RSUP Ngoerah Gelar ‘Ngusik’ soal Glaukoma
DENPASAR, NusaBali - RSUP Prof dr IGNG Ngoerah (RSUP Sanglah) menggelar ‘Ngobrol untuk Sehat dengan Gaya Asyik (Ngusik)’ memperingati World Glaucoma Week, Jumat (15/3) pukul 13.00 Wita. Acara tersebut diinisiasi oleh World Glaucoma Association (WGA) dengan tujuan meningkatkan kesadaran akan pentingnya mendeteksi gejala glaukoma sejak dini.

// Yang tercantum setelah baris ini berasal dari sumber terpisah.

(* Consider a finite discounted stochastic game that is weakly acyclic (under multi-DM strict best replies). For each $i$ let $\lambda^i\in(0,1)$, $\gamma^i,\kappa^i\in(0,1)$, and let the DMs update policies by the Idealized Update Procedure with $h^i=R^{i,\lambda^i}$ for every $i$; let $A_{\bm{\gamma},\bm{\kappa}}$ be the transition matrix of the induced time-homogeneous Markov chain on $\bm{\Pi}$ and $\mu^*_{\bm{\gamma},\bm{\kappa}}$ its unique stationary distribution. Then for every $\epsilon>0$ there exists $\bar\kappa_\epsilon\in(0,1)$ such that whenever $\max\{\gamma^i,\kappa^i\}\in(0,\bar\kappa_\epsilon)$ for all $i$, \[ \mu^*_{\bm{\gamma},\bm{\kappa}}(\bm{\Pi}_{\rm eq})\ge 1-\epsilon/4 . \] Moreover, there exists $\bar m\in\mathbb{N}$, which can be chosen uniformly over all such $\bm{\gamma},\bm{\kappa}$, such that \[ \inf_{m\ge\bar m,\ \mu_0\in\mathcal{P}(\bm{\Pi})}\big(\mu_0A^m_{\bm{\gamma},\bm{\kappa}}\big)(\bm{\Pi}_{\rm eq})\ge 1-\epsilon/2 . \]
   Context: Game setup: a finite discounted stochastic game with $N$ decision makers, finite state set $\mathbb{X}$, finite action sets $\mathbb{U}^i$, discount factors $\beta^i\in(0,1)$, costs $c^i:\mathbb{X}\times\mathbb{U}\to\mathbb{R}$, transition kernel $P(\cdot\mid x,\mathbf{u})$. $\Pi^i$ = set of maps $\mathbb{X}\to\mathbb{U}^i$, $\bm{\Pi}=\times_i\Pi^i$, $\bm{\pi}=(\pi^i,\bm{\pi}^{-i})$. $J^i_x(\bm{\pi})=E[\sum_{t\ge0}(\beta^i)^tc^i(x_t,\bm{\pi}(x_t))\mid x_0=x]$, $x_{t+1}\sim P(\cdot\mid x_t,\bm{\pi}(x_t))$. $\pi^i$ is a best reply to $\bm{\pi}^{-i}$ if $J^i_x(\pi^i,\bm{\pi}^{-i})=\min_{\sigma^i\in\Pi^i}J^i_x(\sigma^i,\bm{\pi}^{-i})$ for all $x$; $\mathrm{BR}^i(\bm{\pi}^{-i})$ is the set of such $\pi^i$. A best reply $\tilde\pi^i$ to $\bm{\pi}^{-i}$ is a strict best reply with respect to $\bm{\pi}=(\pi^i,\bm{\pi}^{-i})$ if $J^i_x(\tilde\pi^i,\bm{\pi}^{-i})<J^i_x(\pi^i,\bm{\pi}^{-i})$ for some $x$. $\bm{\Pi}_{\rm eq}=\{\bm{\pi}\in\bm{\Pi}:\pi^i\in\mathrm{BR}^i(\bm{\pi}^{-i})\ \forall i\}$. $\bm{\Pi}_{\rm opt}=\{\bm{\pi}^*:J^i_x(\bm{\pi}^* )=\inf_{\bm{\pi}}J^i_x(\bm{\pi})\ \forall i,x\}$ (possibly empty). A sequence $\bm{\pi}_0,\bm{\pi}_1,\dots$ in $\bm{\Pi}$ is a multi-DM strict best reply path if for each $k$, $\bm{\pi}_k\ne\bm{\pi}_{k+1}$ and for every $i$ with $\pi^i_{k+1}\neq\pi^i_k$, $\pi^i_{k+1}$ is a strict best reply with respect to $\bm{\pi}_k$. The game is weakly acyclic if from every $\bm{\pi}\in\bm{\Pi}$ there is a (finite) multi-DM strict best reply path starting at $\bm{\pi}$ and ending in $\bm{\Pi}_{\rm eq}$. Inertial kernel $R^{i,\lambda}(\tilde\pi^i\mid\pi^i,B^i)$: $1$ if $\pi^i\in B^i,\tilde\pi^i=\pi^i$; $\lambda$ if $\pi^i\notin B^i,\tilde\pi^i=\pi^i$; $(1-\lambda)/|B^i|$ if $\pi^i\notin B^i,\tilde\pi^i\in B^i$; $0$ otherwise. Idealized Update Procedure: given $\bm{\pi}_k$, DMs choose independently: if $\bm{\pi}_k\in\bm{\Pi}_{\rm opt}$, $\pi^i_{k+1}\sim(1-\gamma^i)R^{i,\lambda^i}(\cdot\mid\pi^i_k,\mathrm{BR}^i(\bm{\pi}^{-i}_k))+\gamma^i\mathrm{Unif}(\Pi^i)$; otherwise $\pi^i_{k+1}\sim(1-\kappa^i)h^i(\cdot\mid\pi^i_k,\mathrm{BR}^i(\bm{\pi}^{-i}_k))+\kappa^i\mathrm{Unif}(\Pi^i)$. *)

From HB Require Import structures.
From mathcomp Require Import all_boot.
From Stdlib Require Import Reals ClassicalEpsilon.
Set Implicit Arguments. Unset Strict Implicit. Unset Printing Implicit Defensive.
Definition Cx : Type := (R * R)%type.
Definition C0 : Cx := (0, 0).
Definition C1 : Cx := (1, 0).
Definition Cadd (z w : Cx) : Cx := (fst z + fst w, snd z + snd w).
Definition Copp (z : Cx) : Cx := (- fst z, - snd z).
Definition Csub (z w : Cx) : Cx := Cadd z (Copp w).
Definition Cmul (z w : Cx) : Cx :=
  (fst z * fst w - snd z * snd w, fst z * snd w + snd z * fst w).
Definition Cscal (r : R) (z : Cx) : Cx := (r * fst z, r * snd z).
Fixpoint Cpow (z : Cx) (n : nat) : Cx :=
  match n with O => C1 | S m => Cmul z (Cpow z m) end.
Definition Cnorm (z : Cx) : R := sqrt (fst z ^ 2 + snd z ^ 2).

Fixpoint Csum (f : nat -> Cx) (n : nat) : Cx :=
  match n with O => C0 | S m => Cadd (Csum f m) (f m) end.

Definition Cseries (f : nat -> Cx) (l : Cx) : Prop :=
  forall eps : R, 0 < eps ->
    exists N : nat, forall n : nat, (N <= n)%nat -> Cnorm (Csub (Csum f n) l) < eps.

Fixpoint qint (q : R) (k : nat) : R :=
  match k with O => 0 | S m => qint q m + q ^ m end.

Fixpoint qfact (q : R) (n : nat) : R :=
  match n with O => 1 | S m => qfact q m * qint q (S m) end.

(* {n} = [n] / ((1 + q^(n-1))/2)   (equals n when q = 1) *)
Definition qbrace (q : R) (n : nat) : R :=
  qint q n / ((1 + q ^ (n - 1)) / 2).

Fixpoint qbfact (q : R) (n : nat) : R :=
  match n with O => 1 | S m => qbfact q m * qbrace q (S m) end.

Definition e_q_term (q : R) (w : Cx) (n : nat) : Cx :=
  Cscal (/ qfact q n) (Cpow w n).
Definition E_q_term (q : R) (w : Cx) (n : nat) : Cx :=
  Cscal (q ^ (n * (n - 1) / 2) / qfact q n) (Cpow w n).
Definition Eimp_term (q : R) (z : Cx) (n : nat) : Cx :=
  Cscal (/ qbfact q n) (Cpow z n).

Definition in_disc (q r : R) : Prop :=
  if Rlt_dec q 1 then r < 2 / (1 - q)
  else if Rlt_dec 1 q then r < 2 * q / (q - 1)
  else True.

From Stdlib Require Import Reals Lra Lia.
From Coquelicot Require Import Coquelicot.
(* Imported after Coquelicot, so that [Cpow] and [Copp] denote the definitions of [Defs]. *)
From Pilot Require Import Defs.
Open Scope R_scope.

(* Both q-exponentials are absolutely convergent power series for [|w| < R_q / 2]: by the
   ratio test, since [1/[n+1]] tends to [1 - q] for [q < 1] and to [0] for [q >= 1], and
   [E_q = e_(1/q)].  Hence the Cauchy product of the two series converges to the product of
   their sums.  Its n-th coefficient [c_n = sum_k q^(k(k-1)/2) / ([k]! [n-k]!)] satisfies
   [[n+1] c_(n+1) = (1 + q^n) c_n], obtained by splitting [[n+1] = [n+1-k] + q^(n+1-k) [k]]
   termwise, i.e. [{n+1} c_(n+1) = 2 c_n]; so [c_n = 2^n / {n}!], which is the claim. *)

Lemma Cx_eq (z w : Cx) : fst z = fst w -> snd z = snd w -> z = w.
Proof. destruct z, w; simpl; intros; subst; reflexivity. Qed.

Ltac Cx_ring := apply Cx_eq; simpl; ring.

Lemma Cnorm_ge_0 (z : Cx) : 0 <= Cnorm z.
Proof. apply sqrt_pos. Qed.

(* [Cx], [Cmul] and [Cnorm] are definitionally Coquelicot's [C], [Cmult] and [Cmod]. *)
Lemma Cnorm_mul (z w : Cx) : Cnorm (Cmul z w) = Cnorm z * Cnorm w.
Proof. exact (Cmod_mult z w). Qed.

Lemma Cnorm_pow (z : Cx) (n : nat) : Cnorm (Cpow z n) = Cnorm z ^ n.
Proof.
  induction n as [|n IH]; simpl.
  - exact Cmod_1.
  - rewrite Cnorm_mul, IH; reflexivity.
Qed.

Lemma Cnorm_scal (r : R) (z : Cx) : Cnorm (Cscal r z) = Rabs r * Cnorm z.
Proof.
  unfold Cnorm, Cscal; simpl.
  rewrite <- sqrt_Rsqr_abs, <- sqrt_mult by (try apply Rle_0_sqr; nra).
  f_equal; unfold Rsqr; ring.
Qed.

Lemma Rabs_fst_le_Cnorm (z : Cx) : Rabs (fst z) <= Cnorm z.
Proof. exact (re_le_Cmod z). Qed.

Lemma Rabs_snd_le_Cnorm (z : Cx) : Rabs (snd z) <= Cnorm z.
Proof.
  unfold Cnorm; rewrite <- sqrt_Rsqr_abs; apply sqrt_le_1_alt.
  unfold Rsqr; pose proof (pow2_ge_0 (fst z)); nra.
Qed.

Lemma Cnorm_le_Rabs_add (z : Cx) : Cnorm z <= Rabs (fst z) + Rabs (snd z).
Proof.
  pose proof (Rabs_pos (fst z)); pose proof (Rabs_pos (snd z)).
  unfold Cnorm; rewrite <- (sqrt_Rsqr (Rabs (fst z) + Rabs (snd z))) by lra.
  apply sqrt_le_1_alt; unfold Rsqr.
  pose proof (pow2_abs (fst z)); pose proof (pow2_abs (snd z)); nra.
Qed.

Lemma Cpow_add (w : Cx) (m n : nat) : Cpow w (m + n) = Cmul (Cpow w m) (Cpow w n).
Proof. induction m as [|m IH]; simpl; [Cx_ring|rewrite IH; Cx_ring]. Qed.

Lemma Cpow_scal (r : R) (z : Cx) (n : nat) : Cpow (Cscal r z) n = Cscal (r ^ n) (Cpow z n).
Proof. induction n as [|n IH]; simpl; [Cx_ring|rewrite IH; Cx_ring]. Qed.

Lemma Csum_fst (f : nat -> Cx) (n : nat) :
  fst (Csum f (S n)) = sum_f_R0 (fun k => fst (f k)) n.
Proof. induction n as [|n IH]; simpl in *; [ring|rewrite IH; reflexivity]. Qed.

Lemma Csum_snd (f : nat -> Cx) (n : nat) :
  snd (Csum f (S n)) = sum_f_R0 (fun k => snd (f k)) n.
Proof. induction n as [|n IH]; simpl in *; [ring|rewrite IH; reflexivity]. Qed.

Lemma Csum_scal (c : nat -> R) (w : Cx) (n : nat) :
  Csum (fun k => Cscal (c k) w) (S n) = Cscal (sum_f_R0 c n) w.
Proof.
  induction n as [|n IH].
  - Cx_ring.
  - change (Csum (fun k => Cscal (c k) w) (S (S n)))
      with (Cadd (Csum (fun k => Cscal (c k) w) (S n)) (Cscal (c (S n)) w)).
    rewrite IH; Cx_ring.
Qed.

Lemma Csum_ext (f g : nat -> Cx) (n : nat) :
  (forall k, (k < n)%nat -> f k = g k) -> Csum f n = Csum g n.
Proof.
  induction n as [|n IH]; intros Hfg; simpl; [reflexivity|].
  rewrite IH, Hfg by auto with arith; reflexivity.
Qed.

Lemma Cseries_of_components (f : nat -> Cx) (l : Cx) :
  is_series (fun n => fst (f n)) (fst l) -> is_series (fun n => snd (f n)) (snd l) ->
  Cseries f l.
Proof.
  intros Hfst Hsnd eps Heps.
  apply is_series_Reals in Hfst, Hsnd.
  destruct (Hfst (eps / 2) ltac:(lra)) as [N1 HN1].
  destruct (Hsnd (eps / 2) ltac:(lra)) as [N2 HN2].
  exists (S (N1 + N2)); intros [|n] Hn; [lia|].
  specialize (HN1 n ltac:(lia)); specialize (HN2 n ltac:(lia)); unfold R_dist in *.
  rewrite <- Csum_fst in HN1; rewrite <- Csum_snd in HN2.
  eapply Rle_lt_trans; [apply Cnorm_le_Rabs_add|].
  change (Rabs (fst (Csum f (S n)) - fst l) + Rabs (snd (Csum f (S n)) - snd l) < eps).
  lra.
Qed.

Diskusi dimoderatori dr Tiara Alexander, dengan narasumber I Gusti Ayu Ratna Suryaningrum MBiomed, SpM(K).
Glaukoma adalah penyempitan lapang pandang, merupakan penyakit yang sering tidak disadari dan menyebabkan kebutaan jika tidak ditangani dengan cepat.
Di Indonesia, situasi glaukoma masih memprihatinkan karena sebagian besar penderita baru mencari pengobatan saat penyakit sudah pada tahap lanjut. Lebih dari 80 persen kasus glaukoma muncul tanpa gejala, yang membuatnya dijuluki sebagai ‘si pencuri penglihatan’. Pengobatan sedini mungkin sangat penting untuk mengendalikan progresivitas penyakit dan mencegah kebutaan.
Menurut laporan Kementerian Kesehatan terakhir, jumlah penderita glaukoma secara global meningkat dari 60,5 juta pada satu dekade lalu menjadi 76 juta pada 2020. Di Indonesia, prevalensi glaukoma sebesar 0,46 persen, atau sekitar 4-5 orang per 1.000 penduduk.
Berdasarkan Statistik Informasi Glaukoma studi prevalensi, diperkirakan 79,6 juta orang menderita glaukoma pada 2020. Jumlah ini kemungkinan akan meningkat menjadi 111,8 juta orang pada 2040.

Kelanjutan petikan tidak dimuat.